Hochrüstung geht leider nicht. Der Kunde hat noch 5 von diesen Maschinen und bei denen ist überall auch noch das OP 396 drin und da will er nix anderes in der Halle stehen haben.

Nee ich bin nicht böse aber beim ersten lesen dachte ich halt 
DER HAT GUT LACHEN ....   (hat er ja auch).

peter(R)


----------



## gravieren (8 Mai 2008)

Hast du mal bei http://softwerk.at angefragt.

Die machen auch Programmierungen/Änderungen an OP-Projekten.

Ich denke, die sollten noch alle Tool haben.

Zudem bieten Sie auch noch EPROMs für dieses OP396 an.


Anrufen schadet hierbei nix.


----------



## Peter Wahlen (8 Mai 2008)

Hallo Peter(R),

wenn Du die Com396 Software hast und ein PG685 - das ist doch super!

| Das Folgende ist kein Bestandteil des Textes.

(* Let $q\ge8$ be even. The $\mathrm{Un}\Gamma$-lines (lines meeting the twisted cubic $\mathcal{C}$ in exactly one point and contained in no osculating plane) form one orbit under $G_q$, namely $\{\ell\varphi:\varphi\in G_q\}$ where $\ell$ is the line through $P_0=P(0,0,0,1)$ and $P(1,0,1,0)$. The subgroup of $G_q$ fixing any $\mathrm{Un}\Gamma$-line is trivial.
   Context: $\mathrm{PG}(3,q)$ has points $P(x_0,x_1,x_2,x_3)$; $\boldsymbol{\pi}(c_0,c_1,c_2,c_3)$ is the plane $c_0x_0+c_1x_1+c_2x_2+c_3x_3=0$. The twisted cubic is $\mathcal{C}=\{P(t^3,t^2,t,1):t\in\mathbb{F}_q\}\cup\{P(1,0,0,0)\}$; the osculating planes are $\boldsymbol{\pi}(1,-3t,3t^2,-t^3)$, $t\in\mathbb{F}_q$, and $\boldsymbol{\pi}(0,0,0,1)$. $G_q$ is the group of projectivities of $\mathrm{PG}(3,q)$ mapping $\mathcal{C}$ to itself. *)

(* PG(3,q) modelled via row vectors 'rV[F]_4 over a finite field F
   (q = #|F|); points = 1-dim row spaces, lines = rank-2 matrices 'M_(2,4)
   (row space), projectivities = invertible 4x4 matrices acting on the right,
   identified up to nonzero scalars. *)
From HB Require Import structures.
From mathcomp Require Import all_boot all_order all_algebra all_fingroup all_field.
Set Implicit Arguments. Unset Strict Implicit. Unset Printing Implicit Defensive.
Import Order.TTheory GRing.Theory.
Local Open Scope ring_scope.

Section TwistedCubic.
Variable F : finFieldType.

Definition vec4 (a b c d : F) : 'rV[F]_4 :=
  \row_(j < 4) nth 0 [:: a; b; c; d] j.

Definition cpt (u : option F) : 'rV[F]_4 :=
  match u with
  | Some t => vec4 (t ^+ 3) (t ^+ 2) t 1
  | None => vec4 1 0 0 0
  end.

(* coefficient vector of the osculating plane at the point with parameter u:
   pi(1,-3t,3t^2,-t^3) and pi(0,0,0,1) *)
Definition osc (u : option F) : 'rV[F]_4 :=
  match u with
  | Some t => vec4 1 (- (3%:R * t)) (3%:R * t ^+ 2) (- t ^+ 3)
  | None => vec4 0 0 0 1
  end.

Definition is_line (L : 'M[F]_(2, 4)) : bool := \rank L == 2%N.

Definition line_in_plane (L : 'M[F]_(2, 4)) (c : 'rV[F]_4) : bool :=
  L *m c^T == 0.

Definition UnGamma (L : 'M[F]_(2, 4)) : Prop :=
  [/\ is_line L,
      #|[set u : option F | (cpt u <= L)%MS]| = 1%N
    & forall u : option F, ~~ line_in_plane L (osc u)].

Definition inGq (A : 'M[F]_4) : Prop :=
  [/\ A \in unitmx,
      forall u : option F, exists u' : option F, (cpt u *m A == cpt u')%MS
    & forall u' : option F, exists u : option F, (cpt u *m A == cpt u')%MS].

Definition ell0 : 'M[F]_(2, 4) :=
  \matrix_(i < 2, j < 4)
     nth 0 (nth [::] [:: [:: 0; 0; 0; 1]; [:: 1; 0; 1; 0]] i) j.

End TwistedCubic.

From HB Require Import structures.
From mathcomp Require Import all_boot all_order all_algebra all_fingroup all_field.
From mathcomp Require Import all_solvable ring.
Import GRing.Theory.
Local Open Scope ring_scope.
Set Implicit Arguments. Unset Strict Implicit.

(* Points (x : y) of PG(1, q) give the points (x^3, x^2 y, x y^2, y^3) of C, and an
   invertible 2x2 matrix acts on C through its third symmetric power [sym3mx].
   These matrices preserve C and its osculating planes, hence the UnGamma-lines.
   Conversely, for q >= 6 every element of G_q is a multiple of one of them: after
   composing with one we may assume that it fixes P(1,0,0,0) and P(0,0,0,1); as C
   lies on the quadrics x1^2 = x0 x2 and x2^2 = x1 x3, comparing coefficients of
   polynomials of degree at most 5 forces it to be diag(1, e, e^2, e^3) up to scalar.
   In characteristic 2, an UnGamma-line moved through P0 = P(0,0,0,1) meets the plane
   x3 = 0 in a point v with v0 <> 0 (it does not lie in the osculating plane x0 = 0 at
   P0) and delta = v2/v0 - (v1/v0)^2 <> 0 (it meets C only once); squaring being
   bijective, delta = d^2, and sym3mx 1 0 (v1/v0) d maps ell0 onto the line.  Finally
   sym3mx a b c d fixes ell0 only if b = c = 0 and a^2 = d^2, i.e. a = d. *)

Definition i0 : 'I_4 := @Ordinal 4 0 isT.
Definition i1 : 'I_4 := @Ordinal 4 1 isT.
Definition i2 : 'I_4 := @Ordinal 4 2 isT.
Definition i3 : 'I_4 := @Ordinal 4 3 isT.

Lemma ord4_ind (P : 'I_4 -> Prop) : P i0 -> P i1 -> P i2 -> P i3 -> forall i, P i.
Proof.
move=> P0 P1 P2 P3 [[|[|[|[|//]]]] lti].
all: by rewrite (bool_irrelevance lti isT).
Qed.

Lemma mulmx4E (R : pzSemiRingType) m n (A : 'M[R]_(m, 4)) (B : 'M[R]_(4, n)) i j :
  (A *m B) i j = A i i0 * B i0 j + A i i1 * B i1 j + A i i2 * B i2 j + A i i3 * B i3 j.
Proof.
rewrite mxE !big_ord_recl big_ord0 addr0 !addrA.
have -> : lift ord0 (lift ord0 (lift ord0 ord0)) = i3 :> 'I_4 by apply: val_inj.
have -> : lift ord0 (lift ord0 ord0) = i2 :> 'I_4 by apply: val_inj.
have -> : lift ord0 ord0 = i1 :> 'I_4 by apply: val_inj.
by have -> : ord0 = i0 :> 'I_4 by apply: val_inj.
Qed.

Ltac rowwise := apply/rowP; apply: ord4_ind; rewrite ?mulmx4E !mxE /=.
Ltac colwise := apply/colP; apply: ord4_ind; rewrite ?mulmx4E !mxE /=.
Ltac entrywise :=
  apply/matrixP; apply: ord4_ind; apply: ord4_ind; rewrite ?mulmx4E !mxE /=.

Lemma adj_det (R : comPzRingType) (a b c d : R) : d * a - (- b) * (- c) = a * d - b * c.
Proof. by ring. Qed.

Lemma det2_mul (R : comPzRingType) (a b c d a' b' c' d' : R) :
  (a' * a + b' * c) * (c' * b + d' * d) - (a' * b + b' * d) * (c' * a + d' * c)
  = (a * d - b * c) * (a' * d' - b' * c').
Proof. by ring. Qed.

Section Sym3.
Variable F : finFieldType.
Implicit Types (a b c d k x y : F).

Definition cubic_pt x y : 'rV[F]_4 := vec4 (x ^+ 3) (x ^+ 2 * y) (x * y ^+ 2) (y ^+ 3).

Definition osc_coef x y : 'rV[F]_4 :=
  vec4 (y ^+ 3) (- (3%:R * x * y ^+ 2)) (3%:R * x ^+ 2 * y) (- x ^+ 3).

(* The matrix of the substitution (x, y) |-> (a x + b y, c x + d y) acting on
   the monomials x^3, x^2 y, x y^2, y^3 of binary cubic forms. *)
Definition sym3mx a b c d : 'M[F]_4 := \matrix_(i < 4, j < 4) nth 0 (nth [::] [::
  [:: a ^+ 3; a ^+ 2 * c; a * c ^+ 2; c ^+ 3];
  [:: 3%:R * a ^+ 2 * b; a ^+ 2 * d + 2%:R * a * b * c;
      2%:R * a * c * d + b * c ^+ 2; 3%:R * c ^+ 2 * d];
  [:: 3%:R * a * b ^+ 2; 2%:R * a * b * d + b ^+ 2 * c;
      a * d ^+ 2 + 2%:R * b * c * d; 3%:R * c * d ^+ 2];
  [:: b ^+ 3; b ^+ 2 * d; b * d ^+ 2; d ^+ 3]] i) j.

Lemma cubic_pt_sym3mx x y a b c d :
  cubic_pt x y *m sym3mx a b c d = cubic_pt (a * x + b * y) (c * x + d * y).
Proof. by rowwise; ring. Qed.

Lemma sym3mx_mul a b c d a' b' c' d' :
  sym3mx a b c d *m sym3mx a' b' c' d' =
  sym3mx (a' * a + b' * c) (a' * b + b' * d) (c' * a + d' * c) (c' * b + d' * d).
Proof. by entrywise; ring. Qed.

Lemma sym3mx_scalar k : sym3mx k 0 0 k = (k ^+ 3)%:M.
Proof. by entrywise; ring. Qed.

Lemma sym3mx_osc a b c d x y :
  sym3mx a b c d *m (osc_coef x y)^T = (osc_coef (x * d - y * b) (y * a - x * c))^T.
Proof. by colwise; ring. Qed.

Lemma sym3mx_mul_adj a b c d :
  sym3mx a b c d *m sym3mx d (- b) (- c) a = ((a * d - b * c) ^+ 3)%:M.
Proof. by rewrite sym3mx_mul -sym3mx_scalar; congr sym3mx; ring. Qed.

Lemma sym3mx_adj_mul a b c d :
  sym3mx d (- b) (- c) a *m sym3mx a b c d = ((a * d - b * c) ^+ 3)%:M.
Proof. by rewrite sym3mx_mul -sym3mx_scalar; congr sym3mx; ring. Qed.

Lemma sym3mx_unit a b c d : a * d - b * c != 0 -> sym3mx a b c d \in unitmx.
Proof.
move=> det_neq0.
have [] // := @mulmx1_unit _ _ (sym3mx a b c d)
  ((a * d - b * c) ^- 3 *: sym3mx d (- b) (- c) a).
by rewrite -scalemxAr sym3mx_mul_adj scale_scalar_mx mulVf ?expf_neq0.
Qed.

End Sym3.

Section PointsOfC.
Variable F : finFieldType.
Implicit Types (a b c d k t x y : F) (u v : option F).

Definition cpt_coord u : F * F := if u is Some t then (t, 1) else (1, 0).

Definition cpt_of x y : option F := if y == 0 then None else Some (x / y).

Lemma cptE u : cpt u = cubic_pt (cpt_coord u).1 (cpt_coord u).2.
Proof. by case: u => [t|]; rowwise; ring. Qed.

Lemma oscE u :
  osc u = (if u is Some _ then 1 else -1) *: osc_coef (cpt_coord u).1 (cpt_coord u).2.
Proof. by case: u => [t|]; rowwise; ring. Qed.

Lemma cpt_coord_neq0 u : ((cpt_coord u).1 != 0) || ((cpt_coord u).2 != 0).
Proof. by case: u => [t|] /=; rewrite oner_neq0 ?orbT. Qed.

Lemma cubic_pt_cpt x y : (x != 0) || (y != 0) ->
  exists2 k, k != 0 & cubic_pt x y = k *: cpt (cpt_of x y).
Proof.
rewrite /cpt_of; have [-> | y_neq0] /= := eqVneq y 0 => [|_].
  by rewrite orbF => x_neq0; exists (x ^+ 3); [rewrite expf_neq0 | rowwise; ring].
by exists (y ^+ 3); [rewrite expf_neq0 | rowwise; field].
Qed.

Lemma osc_coef_osc x y : (x != 0) || (y != 0) ->
  exists2 k, k != 0 & osc_coef x y = k *: osc (cpt_of x y).
Proof.
rewrite /cpt_of; have [-> | y_neq0] /= := eqVneq y 0 => [|_].
  rewrite orbF => x_neq0.
  by exists (- x ^+ 3); [rewrite oppr_eq0 expf_neq0 | rowwise; ring].
by exists (y ^+ 3); [rewrite expf_neq0 | rowwise; field].
Qed.

Lemma cpt_neq0 u : cpt u != 0.
Proof.
apply/eqP => /rowP; case: u => [t|] => [/(_ i3) | /(_ i0)]; rewrite !mxE /=.
  by move/eqP; rewrite oner_eq0.
by move/eqP; rewrite oner_eq0.
Qed.

Lemma cpt_submx_inj u v : (cpt u <= cpt v)%MS -> u = v.
Proof.
case/sub_rVP => k /rowP e; move: (e i3) (e i2) (e i0) => {e}.
case: u => [s|]; case: v => [t|] //; rewrite !mxE /=.
- by move=> /esym; rewrite mulr1 => -> -> _; rewrite mul1r.
- by move=> /eqP; rewrite mulr0 oner_eq0.
- by move=> /esym; rewrite mulr1 => -> _ /eqP; rewrite mul0r oner_eq0.
Qed.

Lemma cpt_coord_cross_neq0 u v : u != v ->
  (cpt_coord u).1 * (cpt_coord v).2 - (cpt_coord v).1 * (cpt_coord u).2 != 0.
Proof.
case: u v => [s|] [t|] //= s_neq_t.
- by rewrite !mulr1 subr_eq0; apply: contra s_neq_t => /eqP ->.
- by rewrite mulr0 mulr1 sub0r oppr_eq0 oner_neq0.
- by rewrite mul1r mulr0 subr0 oner_neq0.
Qed.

1. Die com396 Software mit den P-Utilities auf eine P-C/PM Diskette kopieren.
   Achtung: Die P-Utl's laufen nur bis win98!
2. Deine xx.396 Datei auf P-C/PM Diskette kopieren.
3. Beide P-C/PM Disketten auf das PG685 kopieren.
    z.B.: pip b:=a:*.*
4. s5 auf pg685 starten
5. in der Packetanwahl com396 auswählen
6. mit F7 (HELP) werden oft Vorschläge ausgeführt

Die P-Utl's (free-/shareware) gibts irgendwo kostenlos bei Siemens (einfach googlen)
Alle mir bekannte COM Software ist für P-C/PM geeignet, und läuft unter diesem BSys - bei S5 V6+7 mit P-C/PM Emulator.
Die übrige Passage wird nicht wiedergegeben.